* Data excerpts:

____

Arguments mul {s}.
Arguments one {s}.
Arguments zero {s}.
Arguments ee {s}.
Arguments leM {s}.

Definition ghost {U : stmonoid} (x : U) : Prop := exists a : U, x = mul ee a.

Definition transmission {U V : stmonoid} (f : U -> V) : Prop :=
  f zero = zero /\ f one = one /\
  (forall x y, f (mul x y) = mul (f x) (f y)) /\
  f ee = ee /\
  (forall x y : U, ghost x -> ghost y -> leM x y -> leM (f x) (f y)).

Definition st_iso {U V : stmonoid} (f : U -> V) : Prop :=
  transmission f /\ exists g : V -> U, transmission g /\
    (forall x, g (f x) = x) /\ (forall y, f (g y) = y).

Definition surjective {A B : Type} (f : A -> B) : Prop := forall y, exists x, f x = y.

Definition OST {U : stmonoid} (le : U -> U -> Prop) : Prop :=
  (forall x, le x x) /\
  (forall x y, le x y -> le y x -> x = y) /\
  (forall x y z, le x y -> le y z -> le x z) /\
  (forall x y, le x y \/ le y x) /\
  (forall x y z, le x y -> le (mul x z) (mul y z)) /\
  (forall x y : U, ghost x -> ghost y -> (le x y <-> leM x y)) /\
  le zero one /\ le one ee.

Definition monotone {U V : stmonoid} (leU : U -> U -> Prop) (leV : V -> V -> Prop)
  (f : U -> V) : Prop := forall x y, leU x y -> leV (f x) (f y).

Definition ghost_kernel {U V : stmonoid} (f : U -> V) (x : U) : Prop := ghost (f x).

Definition Erel {U : stmonoid} (A : U -> Prop) (x y : U) : Prop :=
  x = y \/ (A x /\ A y /\ mul ee x = mul ee y).

(** The relation [F(Ubar, gamma)] on [Ubar = U / E(U, A_alpha)], where the
    ghost ideal of [Ubar] is identified with [M = eU] via [lam] (so the
    ghost part [gamma : M -> N] of [alpha] is read on [eUbar] as
    [gamma (lam m) = alpha m] for [m] in [M]). *)
Definition Frel {U Ub V : stmonoid} (lam : U -> Ub) (alpha : U -> V) (x y : Ub) : Prop :=
  x = y
  \/ (ghost x /\ ghost y /\
      exists m m' : U, ghost m /\ ghost m' /\ lam m = x /\ lam m' = y /\ alpha m = alpha m')
  \/ ((exists m : U, ghost m /\ lam m = mul ee x /\ alpha m = zero) /\
      (exists m : U, ghost m /\ lam m = mul ee y /\ alpha m = zero)).

Definition MFCE {W : stmonoid} (R : W -> W -> Prop) : Prop :=
  (forall x, R x x) /\ (forall x y, R x y -> R y x) /\
  (forall x y z, R x y -> R y z -> R x z) /\
  (forall x y z, R x y -> R (mul x z) (mul y z)) /\
  (forall x y, R x y -> mul ee x = mul ee y).

Definition tangible_rel {W : stmonoid} (R : W -> W -> Prop) : Prop :=
  forall x y : W, ghost x -> R x y -> y = x.

(** Canonical factorization [alpha = rho o mu o beta o lam]: each of
    [lam, beta, mu] is (up to isomorphism over the ghost ideals) the
    projection onto the quotient by the indicated relation, i.e. a
    surjective transmission whose fibre relation is exactly that relation;
    [rho] is an isomorphism (its ghost part is then [id_N] by the
    factorization identity). *)
Definition canonical_factorization {U Ub W Wb V : stmonoid} (alpha : U -> V)
  (lam : U -> Ub) (beta : Ub -> W) (mu : W -> Wb) (rho : Wb -> V) : Prop :=
  (forall x, alpha x = rho (mu (beta (lam x)))) /\
  (transmission lam /\ surjective lam /\
     forall x y, lam x = lam y <-> Erel (ghost_kernel alpha) x y) /\
  (transmission beta /\ surjective beta /\
     forall x y, beta x = beta y <-> Frel lam alpha x y) /\
  (transmission mu /\ surjective mu /\
     MFCE (fun x y => mu x = mu y) /\ tangible_rel (fun x y => mu x = mu y)) /\
  st_iso rho /\
  (forall m : U, ghost m -> rho (mu (beta (lam m))) = alpha m).

(* Each of [lam], [beta o lam], [mu o beta o lam] is a surjective transmission
   out of the totally ordered [U] whose fibres are intervals.  For [lam] and
   [beta o lam] the fibres are cut out by equalities of the monotone maps
   [alpha] and [x |-> alpha (e x)] (e.g. [beta (lam x) = beta (lam y)] iff
   [x = y], or [alpha x = alpha y] is ghost, or [alpha (e x) = alpha (e y) = 0]);
   [mu o beta o lam] has the fibres of [alpha] since [rho] is injective.
   A surjective transmission with convex fibres pushes the ordering of [U]
   forward to an OST-ordering of its target, and the maps of the factorization
   are monotone between these image orderings.  Uniqueness holds because a
   total ordering on the source of a surjection determines every ordering of
   the target for which the surjection is monotone. *)
Set Implicit Arguments.
From Stdlib Require Import Classical.

Definition image_le {X Y : Type} (leX : X -> X -> Prop) (f : X -> Y) (y1 y2 : Y) : Prop :=
  y1 = y2 \/ forall a b, f a = y1 -> f b = y2 -> leX a b.

Definition fibre_convex {X Y : Type} (leX : X -> X -> Prop) (f : X -> Y) : Prop :=
  forall a b c, leX a b -> leX b c -> f a = f c -> f b = f a.

Section OSTProjections.
Variables (U : stmonoid) (le : U -> U -> Prop).
Hypothesis HU : OST le.

Local Ltac OST_field := destruct HU as (? & ? & ? & ? & ? & ? & ? & ?); eauto.

Lemma OST_refl x : le x x.
Proof. OST_field. Qed.

Lemma OST_antisym [x y] : le x y -> le y x -> x = y.
Proof. OST_field. Qed.

Lemma OST_trans [x y z] : le x y -> le y z -> le x z.
Proof. OST_field. Qed.

Lemma OST_total x y : le x y \/ le y x.
Proof. OST_field. Qed.

Lemma OST_mulr [x y] z : le x y -> le (mul x z) (mul y z).
Proof. OST_field. Qed.

Lemma OST_ghost [x y] : ghost x -> ghost y -> (le x y <-> leM x y).
Proof. OST_field. Qed.

Lemma OST_mul_ee : monotone le le (mul ee).
Proof. intros x y Hxy. rewrite !(mulC _ ee). exact (OST_mulr ee Hxy). Qed.

End OSTProjections.

Lemma ghost_mul_ee (U : stmonoid) (x : U) : ghost (mul ee x).
Proof. exists x; reflexivity. Qed.

Lemma mul_ee_ghost (U : stmonoid) (x : U) : ghost x -> mul ee x = x.
Proof. intros [a ->]. rewrite mulA, ee_idem. reflexivity. Qed.

Section TransmissionFacts.
Variables (U V : stmonoid) (f : U -> V).
Hypothesis Hf : transmission f.

Lemma transmission_mul x y : f (mul x y) = mul (f x) (f y).
Proof. apply (proj1 (proj2 (proj2 Hf))). Qed.

Lemma transmission_mul_ee x : f (mul ee x) = mul ee (f x).
Proof. rewrite transmission_mul. f_equal. apply (proj1 (proj2 (proj2 (proj2 Hf)))). Qed.

Lemma transmission_ghost x : ghost x -> ghost (f x).
Proof. intros [a ->]. rewrite transmission_mul_ee. apply ghost_mul_ee. Qed.

Lemma transmission_ghost_preimage :
  surjective f -> forall y, ghost y -> exists x, ghost x /\ f x = y.
Proof.
  intros Hs y [b ->]. destruct (Hs b) as [a <-].
  exists (mul ee a). split; [apply ghost_mul_ee | apply transmission_mul_ee].
Qed.

End TransmissionFacts.

Lemma transmission_comp (U V W : stmonoid) (f : U -> V) (g : V -> W) :
  transmission f -> transmission g -> transmission (fun x => g (f x)).
Proof.
  intros Hf Hg. pose proof (transmission_ghost Hf) as f_ghost.
  destruct Hf as [f0 [f1 [fm [fe fl]]]], Hg as [g0 [g1 [gm [ge gl]]]].
  repeat split.
  - rewrite f0; exact g0.
  - rewrite f1; exact g1.
  - intros x y; rewrite fm, gm; reflexivity.
  - rewrite fe; exact ge.
  - intros x y Gx Gy Hxy.
    apply gl; auto.
Qed.

Lemma surjective_comp (X Y Z : Type) (f : X -> Y) (g : Y -> Z) :
  surjective f -> surjective g -> surjective (fun x => g (f x)).
Proof.
  intros Hf Hg z. destruct (Hg z) as [y <-]. destruct (Hf y) as [x <-].
  exists x; reflexivity.
Qed.

Lemma monotone_fibre_convex (X Y : stmonoid) (leX : X -> X -> Prop) (leY : Y -> Y -> Prop)
  (f : X -> Y) :
  (forall y y', leY y y' -> leY y' y -> y = y') -> monotone leX leY f -> fibre_convex leX f.
Proof.
  intros antisym Hf a b c Hab Hbc Hac. apply antisym.
  - rewrite Hac. apply Hf; exact Hbc.
  - apply Hf; exact Hab.
Qed.

Lemma fibre_convex_of_injective_comp (X Y Z : Type) (leX : X -> X -> Prop) (f : X -> Z)
  (g : X -> Y) (h : Y -> Z) :
  (forall x, f x = h (g x)) -> (forall y y', h y = h y' -> y = y') ->
  fibre_convex leX f -> fibre_convex leX g.
Proof.
  intros Hf h_inj Hc a b c Hab Hbc Hac. apply h_inj. rewrite <- !Hf.
  apply (Hc a b c Hab Hbc). rewrite !Hf, Hac. reflexivity.
Qed.

Section ImageOrder.
Variables (X Y : stmonoid) (leX : X -> X -> Prop) (f : X -> Y).
Hypotheses (HX : OST leX) (f_surj : surjective f) (f_convex : fibre_convex leX f).

Lemma fibre_convex_le_fibres a b a' b' :
  f a <> f b -> leX a b -> f a' = f a -> f b' = f b -> leX a' b'.
Proof.
  intros Hne Hab Ha Hb.
  destruct (OST_total HX a' b') as [H | Hb'a']; [exact H | exfalso; apply Hne].
  destruct (OST_total HX a' b) as [Ha'b | Hba'].
  - rewrite <- Ha, <- Hb. apply (f_convex Hb'a' Ha'b). congruence.
  - symmetry. apply (f_convex Hab Hba'). congruence.
Qed.

Lemma image_le_monotone : monotone leX (image_le leX f) f.
Proof.
  intros a b Hab. destruct (classic (f a = f b)) as [E | Hne]; [left; exact E | right].
  intros a' b' Ha Hb. exact (fibre_convex_le_fibres Hne Hab Ha Hb).
Qed.

Lemma image_le_total y1 y2 : image_le leX f y1 y2 \/ image_le leX f y2 y1.
Proof.
  destruct (f_surj y1) as [a <-], (f_surj y2) as [b <-].
  destruct (OST_total HX a b); [left | right]; apply image_le_monotone; assumption.
Qed.

Lemma image_le_antisym y1 y2 : image_le leX f y1 y2 -> image_le leX f y2 y1 -> y1 = y2.
Proof.
  intros [E | H] [E' | H']; auto.
  destruct (f_surj y1) as [a <-], (f_surj y2) as [b <-].
  f_equal. apply (OST_antisym HX); [apply H | apply H']; reflexivity.
Qed.

Lemma image_le_trans y1 y2 y3 :
  image_le leX f y1 y2 -> image_le leX f y2 y3 -> image_le leX f y1 y3.
Proof.
  intros [<- | H] [<- | H']; try (right; assumption); [left; reflexivity |].
  right. intros a c Ha Hc. destruct (f_surj y2) as [b Hb].
  apply (OST_trans HX (y := b)); [apply H | apply H']; assumption.
Qed.

Hypothesis f_trans : transmission f.

Lemma image_le_mulr y1 y2 y3 :
  image_le leX f y1 y2 -> image_le leX f (mul y1 y3) (mul y2 y3).
Proof.
  intros [<- | H]; [left; reflexivity |].
  destruct (f_surj y1) as [a <-], (f_surj y2) as [b <-], (f_surj y3) as [c <-].
  rewrite <- !(transmission_mul f_trans). apply image_le_monotone.
  apply (OST_mulr HX). apply H; reflexivity.
Qed.

Lemma image_le_leM y1 y2 : ghost y1 -> ghost y2 -> image_le leX f y1 y2 -> leM y1 y2.
Proof.
  intros G1 G2 [<- | H]; [apply leM_refl; exact G1 |].
  destruct (transmission_ghost_preimage f_trans f_surj G1) as [a [Ga <-]].
  destruct (transmission_ghost_preimage f_trans f_surj G2) as [b [Gb <-]].
  apply f_trans; auto. apply (OST_ghost HX Ga Gb). apply H; reflexivity.
Qed.

Lemma image_le_ghost y1 y2 : ghost y1 -> ghost y2 -> (image_le leX f y1 y2 <-> leM y1 y2).
Proof.
  intros G1 G2. split; [apply image_le_leM; assumption |].
  intros H12. destruct (image_le_total y1 y2) as [H | H]; [exact H |].
  left. apply leM_antisym; auto. apply image_le_leM; auto.
Qed.

Lemma image_le_OST : OST (image_le leX f).
Proof.
  destruct f_trans as [f0 [f1 [_ [fe _]]]].
  split; [intros y; left; reflexivity |].
  split; [exact image_le_antisym |].
  split; [exact image_le_trans |].
  split; [exact image_le_total |].
  split; [exact image_le_mulr |].
  split; [exact image_le_ghost |].
  split; [rewrite <- f0, <- f1 | rewrite <- f1, <- fe]; apply image_le_monotone; apply HX.
Qed.

End ImageOrder.

Lemma image_le_factor_monotone {X Y Z : stmonoid} {leX : X -> X -> Prop} {leZ : Z -> Z -> Prop}
  {f : X -> Y} {g : X -> Z} {h : Y -> Z} :
  surjective f -> (forall z, leZ z z) -> (forall x, h (f x) = g x) ->
  monotone leX leZ g -> monotone (image_le leX f) leZ h.
Proof.
  intros Hs refl Hh Hg y y' [<- | H]; [apply refl |].
  destruct (Hs y) as [a <-], (Hs y') as [b <-].
  rewrite !Hh. apply Hg, H; reflexivity.
Qed.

____

* Problem to work on: Using the data above, reproduce exactly the lines from the line that contains "(* Each of [lam], [beta" through the line that contains "Proof. intros [a ->]. rewrite mulA, ee_idem.", including both.

* Answer box:
(* Each of [lam], [beta o lam], [mu o beta o lam] is a surjective transmission
   out of the totally ordered [U] whose fibres are intervals.  For [lam] and
   [beta o lam] the fibres are cut out by equalities of the monotone maps
   [alpha] and [x |-> alpha (e x)] (e.g. [beta (lam x) = beta (lam y)] iff
   [x = y], or [alpha x = alpha y] is ghost, or [alpha (e x) = alpha (e y) = 0]);
   [mu o beta o lam] has the fibres of [alpha] since [rho] is injective.
   A surjective transmission with convex fibres pushes the ordering of [U]
   forward to an OST-ordering of its target, and the maps of the factorization
   are monotone between these image orderings.  Uniqueness holds because a
   total ordering on the source of a surjection determines every ordering of
   the target for which the surjection is monotone. *)
Set Implicit Arguments.
From Stdlib Require Import Classical.

Definition image_le {X Y : Type} (leX : X -> X -> Prop) (f : X -> Y) (y1 y2 : Y) : Prop :=
  y1 = y2 \/ forall a b, f a = y1 -> f b = y2 -> leX a b.

Definition fibre_convex {X Y : Type} (leX : X -> X -> Prop) (f : X -> Y) : Prop :=
  forall a b c, leX a b -> leX b c -> f a = f c -> f b = f a.

Section OSTProjections.
Variables (U : stmonoid) (le : U -> U -> Prop).
Hypothesis HU : OST le.

Local Ltac OST_field := destruct HU as (? & ? & ? & ? & ? & ? & ? & ?); eauto.

Lemma OST_refl x : le x x.
Proof. OST_field. Qed.

Lemma OST_antisym [x y] : le x y -> le y x -> x = y.
Proof. OST_field. Qed.

Lemma OST_trans [x y z] : le x y -> le y z -> le x z.
Proof. OST_field. Qed.

Lemma OST_total x y : le x y \/ le y x.
Proof. OST_field. Qed.

Lemma OST_mulr [x y] z : le x y -> le (mul x z) (mul y z).
Proof. OST_field. Qed.

Lemma OST_ghost [x y] : ghost x -> ghost y -> (le x y <-> leM x y).
Proof. OST_field. Qed.

Lemma OST_mul_ee : monotone le le (mul ee).
Proof. intros x y Hxy. rewrite !(mulC _ ee). exact (OST_mulr ee Hxy). Qed.

End OSTProjections.

Lemma ghost_mul_ee (U : stmonoid) (x : U) : ghost (mul ee x).
Proof. exists x; reflexivity. Qed.

Lemma mul_ee_ghost (U : stmonoid) (x : U) : ghost x -> mul ee x = x.
Proof. intros [a ->]. rewrite mulA, ee_idem. reflexivity. Qed.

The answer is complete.